Something that turned me off about Solid Gold is that they don't have a 100% guarantee. If the dog doesn't like the food, tough luck- no refund. All of the other foods that I've researched seem to stand behind their product enough to take back an opened bag if the dog doesn't find it palatable or gets severe GI upset. 

*Sigh* I was heavily leaning toward Acana or Fromm when Solid Gold caught my eye... I haven't heard many people using SG but an overwhelming very positive response to Fromm and the Champion brand foods. I think that I'm back to my original dilemma! :


----------



## HiTideGoldens (Dec 29, 2009)

Is one more readily available in your area? Like I said above, that's how I made the decision. And, most importantly, Jack has done well on it.
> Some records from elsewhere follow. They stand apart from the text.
(* Let $\mathbb{K}$ be an algebraically closed field of characteristic $0$ and $\alpha,\alpha'\in\mathbb{K}$. The down-up algebras $A(\alpha,0,0)$ and $A(\alpha',0,0)$ are isomorphic as $\mathbb{K}$-algebras if and only if $\alpha=\alpha'$.
   Context: For $(\alpha,\beta,\gamma)\in\mathbb{K}^3$, the down-up algebra $A(\alpha,\beta,\gamma)$ is the quotient of the free associative algebra $\mathbb{K}\langle d,u\rangle$ by the two-sided ideal generated by $d^2u-(\alpha dud+\beta ud^2+\gamma d)$ and $du^2-(\alpha udu+\beta u^2d+\gamma u)$. *)

From HB Require Import structures.
From mathcomp Require Import all_boot all_order all_algebra.
Set Implicit Arguments. Unset Strict Implicit. Unset Printing Implicit Defensive.
Import GRing.Theory.
Local Open Scope ring_scope.

(* Terms of the free unital associative K-algebra on two generators d, u:
   generators, scalars (constants), sums and products. *)
Inductive term (K : Type) : Type :=
  | Gd : term K
  | Gu : term K
  | Cst : K -> term K
  | Add : term K -> term K -> term K
  | Mul : term K -> term K -> term K.
Arguments Gd {K}. Arguments Gu {K}.

(* [dueq a b c] is the congruence on terms whose quotient is the down-up
   algebra A(a,b,c) = K<d,u> / (d^2u - (a dud + b ud^2 + c d),
                                du^2 - (a udu + b u^2d + c u)). *)
Inductive dueq (K : fieldType) (a b c : K) : term K -> term K -> Prop :=
  | dq_refl t : dueq a b c t t
  | dq_sym s t : dueq a b c s t -> dueq a b c t s
  | dq_trans s t v : dueq a b c s t -> dueq a b c t v -> dueq a b c s v
  | dq_add s s' t t' : dueq a b c s s' -> dueq a b c t t' ->
      dueq a b c (Add s t) (Add s' t')
  | dq_mul s s' t t' : dueq a b c s s' -> dueq a b c t t' ->
      dueq a b c (Mul s t) (Mul s' t')
  | dq_addA s t v : dueq a b c (Add s (Add t v)) (Add (Add s t) v)
  | dq_addC s t : dueq a b c (Add s t) (Add t s)
  | dq_add0 t : dueq a b c (Add (Cst 0) t) t
  | dq_mulA s t v : dueq a b c (Mul s (Mul t v)) (Mul (Mul s t) v)
  | dq_mul1l t : dueq a b c (Mul (Cst 1) t) t
  | dq_mul1r t : dueq a b c (Mul t (Cst 1)) t
  | dq_mul0l t : dueq a b c (Mul (Cst 0) t) (Cst 0)
  | dq_mulDl s t v : dueq a b c (Mul (Add s t) v) (Add (Mul s v) (Mul t v))
  | dq_mulDr s t v : dueq a b c (Mul s (Add t v)) (Add (Mul s t) (Mul s v))
  | dq_cstD k l : dueq a b c (Add (Cst k) (Cst l)) (Cst (k + l))
  | dq_cstM k l : dueq a b c (Mul (Cst k) (Cst l)) (Cst (k * l))
  | dq_cstC k t : dueq a b c (Mul (Cst k) t) (Mul t (Cst k))
  | dq_rel1 : dueq a b c (Mul (Mul Gd Gd) Gu)
      (Add (Add (Mul (Cst a) (Mul (Mul Gd Gu) Gd))
                (Mul (Cst b) (Mul (Mul Gu Gd) Gd)))
           (Mul (Cst c) Gd))
  | dq_rel2 : dueq a b c (Mul (Mul Gd Gu) Gu)
      (Add (Add (Mul (Cst a) (Mul (Mul Gu Gd) Gu))
                (Mul (Cst b) (Mul (Mul Gu Gu) Gd)))
           (Mul (Cst c) Gu)).
Lemma prodLE s : prodL s = \prod_(x <- s) x.
Proof.
elim: s => [|x [|y s] IH]; rewrite ?big_nil // big_cons; first by rewrite big_nil mulr1.
by rewrite -IH.
Qed.

Lemma sumL_flatten (ss : seq (seq C)) : sumL (flatten ss) = \sum_(s <- ss) sumL s.
Proof.
elim: ss => [|s ss IH]; first by rewrite big_nil.
by rewrite big_cons /= sumLE big_cat -!sumLE IH.
Qed.

Local Notation term := (seq C * (nat * nat))%type.

Definition poly_of_terms (s : seq term) : {mpoly C[2]} :=
  \sum_(x <- s) prodL x.1 *: 'X_[mon2 x.2.1 x.2.2].

Definition mul_term (x y : term) : term := (x.1 ++ y.1, (x.2.1 + y.2.1, x.2.2 + y.2.2)%N).

Fixpoint mul_terms (s1 s2 : seq term) : seq term :=
  if s1 is x :: s1' then map (mul_term x) s2 ++ mul_terms s1' s2 else [::].

Fixpoint exp_terms (s : seq term) n : seq term :=
  if n is n'.+1 then mul_terms s (exp_terms s n') else [:: ([::], (0, 0)%N)].

Definition has_exponent k l (x : term) := (x.2.1 == k) && (x.2.2 == l).

Lemma poly_of_terms_cons x s :
  poly_of_terms (x :: s) = prodL x.1 *: 'X_[mon2 x.2.1 x.2.2] + poly_of_terms s.
Proof. by rewrite /poly_of_terms big_cons. Qed.

Lemma poly_of_termsD s1 s2 :
  poly_of_terms (s1 ++ s2) = poly_of_terms s1 + poly_of_terms s2.
Proof. by rewrite /poly_of_terms big_cat. Qed.
Lemma covered_hom_unique n (G : digraph n) (c g : {ffun 'I_n -> V}) :
  is_core ED -> trivial_aut ED ->
  models (fun x y => G (x, y) : Prop) c covered_by_copies ->
  is_hom ED G g -> g = c.
Proof.
move=> core triv /models_coveredP Hcov Hg; apply/ffunP => x.
have [y [ycol yedge] [v <-]] := Hcov x.
have gy_hom : dhom ED (g \o y) by move=> u w /yedge /(is_homP Hg).
by rewrite -[g (y v)]/((g \o y) v) (triv _ (core _ gy_hom)) ycol.
Qed.

Section HomogeneousModel.
Variables (A : Type) (EC : A -> A -> Prop) (colC : A -> V).
Hypothesis CD : is_CD ED EC colC.

Lemma CD_coloured_copy : exists y, coloured_copy EC colC y.
Proof.
have [_ [_ [embed _]]] := CD.
pose G : digraph #|V| := [ffun e => ED (enum_val e.1) (enum_val e.2)].
pose c : {ffun 'I_#|V| -> V} := [ffun i => enum_val i].
have Gc : is_hom ED G c.
  by apply/forallP => i; apply/forallP => j; apply/implyP; rewrite !ffunE.
have [emb [_ [Gemb cemb]]] := embed _ G c Gc.
exists (emb \o enum_rank); split=> [v|v w vw] /=.
  by rewrite cemb ffunE enum_rankK.
by apply/Gemb; rewrite ffunE /= !enum_rankK.
Qed.

(* Without loops in D there are none in C_D, so {z |-> x} is a partial isomorphism. *)
Lemma CD_colour_transitive z x : (forall u, ~~ ED u u) -> colC z = colC x ->
  exists h : A -> A, [/\ forall a b, EC a b -> EC (h a) (h b),
                         forall a, colC (h a) = colC a & h z = x].
Proof.
move=> loopless zx; have [_ [Ehom [_ homogeneous]]] := CD.
have noloop a : ~ EC a a by move=> /Ehom; rewrite (negbTE (loopless _)).
have [|||h [_ [Eh [colh hz]]]] := homogeneous [:: z] (fun=> x).
- by move=> a b /= [<-|[]] [<-|[]].
- by move=> a b /= [<-|[]] [<-|[]]; split=> /noloop.
- by move=> a /= [<-|[]].
by exists h; split=> [a b /Eh|//|]; last exact: hz (or_introl _).
Qed.

Lemma CD_covered_by_copies : (forall u, ~~ ED u u) -> models EC colC covered_by_copies.
Proof.
move=> loopless; apply/models_coveredP => x.
have [y [ycol yedge]] := CD_coloured_copy.
have [|h [Eh colh hz]] := @CD_colour_transitive (y (colC x)) x loopless.
  exact: ycol.
exists (h \o y); last by exists (colC x).
by split=> [v|v w /yedge /Eh] //=; rewrite colh ycol.
Qed.

End HomogeneousModel.
End CoveredByCopies.

Lemma core_loop_single (V : finType) (ED : rel V) u :
  is_core ED -> ED u u -> forall v, v = u.
Proof.
move=> core uu; have [[g fK _] _] := core (fun=> u) (fun _ _ _ => uu).
by move=> v; rewrite -(fK v) -(fK u).
Qed.

Lemma ler_nat_ratios (R : numFieldType) (a b c d : nat) :
  (a <= b)%N -> (c <= d)%N -> (0 < a -> 0 < c)%N ->
  (a%:R / d%:R <= b%:R / c%:R :> R)%R.
Proof.
move=> ab cd; case: (posnP a) => [-> _|a_gt0 /(_ isT) c_gt0].
  by rewrite mul0r divr_ge0.
have d_gt0 : (0 < d)%N := leq_trans c_gt0 cd.
rewrite ler_pdivrMr ?ltr0n // mulrAC ler_pdivlMr ?ltr0n //.
by rewrite -!natrM ler_nat leq_mul.
Qed.

Lemma prob_col_le_unique_hom (V : finType) (ED : rel V) (phi : fo V) n :
  (forall (G : digraph n) (c g : {ffun 'I_n -> V}), is_hom ED G c -> is_hom ED G g ->
     models (fun x y => G (x, y) : Prop) c phi -> g = c) ->
  (prob_col ED phi n <= prob_unique_hom ED n)%R.
Proof.
move=> unique; apply: ler_nat_ratios.
- rewrite -(card_in_imset (f := fst)); last first.
    move=> [G c] [G' c']; rewrite !inE /= => /andP[Gc /asboolP Mc] /andP[Gc' _] GG'.
    by subst G'; rewrite (unique G c c' Gc Gc' Mc).
  apply: subset_leq_card; apply/subsetP => G0 /imsetP[[G c]].
  rewrite inE /= => /andP[Gc /asboolP Mc] ->{G0}; rewrite inE; apply/cards1P.
  exists c; apply/setP => g; rewrite !inE.
  by apply/idP/eqP => [Gg|->//]; apply: unique Gg Mc.
- apply: leq_trans (leq_imset_card fst _); apply: subset_leq_card.
  apply/subsetP => G; rewrite inE => /existsP[h Gh].
  by apply/imsetP; exists (G, h); rewrite ?inE.
- case/card_gt0P => -[G c]; rewrite inE /= => /andP[Gc _].
  by apply/card_gt0P; exists G; rewrite inE; apply/existsP; exists c.
Qed.

Lemma tends_to_one_le (p q : nat -> rat) :
  (forall n, (p n <= q n)%R) -> tends_to_one p -> tends_to_one q.
Proof.
move=> pq Hp eps eps_gt0; have [N HN] := Hp eps eps_gt0.
by exists N => n Nn; apply: le_trans (HN n Nn) (pq n).
Qed.

Theorem lemma4p15 (V : finType) (ED : rel V) :
  is_core ED ->
  trivial_aut ED ->
  (exists (A : Type) (EC : A -> A -> Prop) (colC : A -> V),
      is_CD ED EC colC /\
      forall phi : fo V, sentence phi ->
        (tends_to_one (prob_col ED phi) <-> models EC colC phi)) ->
  tends_to_one (prob_unique_hom ED).
Proof.
move=> core triv [A [EC [colC [CD almost_sure]]]].
have unique_hom_of phi : sentence phi -> models EC colC phi ->
    (forall n (G : digraph n) (c g : {ffun 'I_n -> V}), is_hom ED G c ->
       is_hom ED G g -> models (fun x y => G (x, y) : Prop) c phi -> g = c) ->
    tends_to_one (prob_unique_hom ED).
  move=> phi_sentence CD_phi unique.
  apply: (tends_to_one_le (fun n => prob_col_le_unique_hom (unique n))).
  exact/(almost_sure _ phi_sentence).
case: (pickP (fun u => ED u u)) => [u uu|loopless].
  apply: (unique_hom_of (FTop V)) => [//|env /= []|n G c g _ _ _].
  by apply/ffunP => x; rewrite [g x](core_loop_single core uu) [c x](core_loop_single core uu).
apply: (unique_hom_of _ (covered_by_copies_sentence ED)).
  by apply: CD_covered_by_copies => // u; apply/negbT/loopless.
by move=> n G c g _ Gg Mc; apply: covered_hom_unique core triv Mc Gg.
Qed.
I would have no problem switching to Fromm though, if for some reason we decided to explore new food options.


----------



## Ranger (Nov 11, 2009)

I'd love to try Ranger on Fromm. I just swapped him from EVO (too many cals for the few walks we do = fat Ranger) to Acana Light and Fit, but I was considering switching him to Fromm except I have to order it 2 weeks in advance at the pet store. Yeah, right. I can barely get groceries for myself before I run out of something!

Of course, since I tried Ranger on the Acana for 3 weeks and had no problems, I sucked it up and bought the big bag. Surprise, surprise he's now showing similar syptoms to when he was on Iams, before going grain-free. Gunky ears, itchy face, itchy/flaky skin. Sigh. I think our next step is Wellness Core grain free reduced fat until I can start walking him everyday again. Grains just don't seem to agree with him.

Good luck on your food search! Like, I said, I'd love to try Fromm - might do it when I can walk again!


----------



## Florabora22 (Nov 30, 2008)

We fed Carmella Solid Gold (Hundenflocken) from when she was around 8 years old up until she passed away at 14 1/2. She loved it, and we never had any issues with it (no loose stools, etc.) I guess when she got older she did get a little gassy at night, but who doesn't get more gassy as they age?


----------